■ Exercise: Search term "auto": copy each line of the records that contains it.

[Collected data]
Lemma subring_uniformly_discrete : exists d, 0 < d /\ uniformly_discrete m Z d.
Proof.
  destruct (HZdisc _ (subring_zero m Z HZring)) as [e [He Hiso]].
  exists (e * e); split; [nra|].
  intros z z' Hz Hz' Hd; apply cd_sub_eq_0, Hiso.
  - apply subring_sub; auto.
  - rewrite cd_sub_0_r; apply cd_norm_lt; auto.
Qed.

(* The powers of [r] stay in [Z], so they cannot tend to [0]. *)
Lemma subring_real_ge_1 r : 0 < r -> Z (cd_real m r) -> 1 <= r.
Proof.
  intros Hr HZr; destruct (Rle_or_lt 1 r) as [|Hlt]; auto; exfalso.
  destruct (HZdisc _ (subring_zero m Z HZring)) as [e [He Hiso]].
  assert (Hpow : forall k, Z (cd_real m (r ^ k))).
  { induction k; simpl.
    - unfold cd_real; rewrite cd_scale_1; apply HZring.
    - unfold cd_real at 1; rewrite <- cd_scale_assoc.
      apply (subring_scale m Z HZring); assumption. }
  destruct (pow_lt_1_zero r ltac:(rewrite Rabs_right; lra) e He) as [N HN].
  specialize (HN N (le_n N)); rewrite Rabs_right in HN by (apply Rle_ge, pow_le; lra).
  assert (E : cd_real m (r ^ N) = cd_zero m).
  { apply Hiso; auto.
    rewrite cd_sub_0_r; apply cd_norm_lt; auto.
    rewrite cd_norm2_real; pose proof (pow_lt r N Hr); nra. }
  apply (f_equal (cd_norm2 m)) in E; rewrite cd_norm2_real, cd_norm2_zero in E.
  pose proof (pow_lt r N Hr); nra.
Qed.

End Discreteness.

■ Response to this task:
  - apply subring_sub; auto.
  - rewrite cd_sub_0_r; apply cd_norm_lt; auto.
  intros Hr HZr; destruct (Rle_or_lt 1 r) as [|Hlt]; auto; exfalso.
  { apply Hiso; auto.
    rewrite cd_sub_0_r; apply cd_norm_lt; auto.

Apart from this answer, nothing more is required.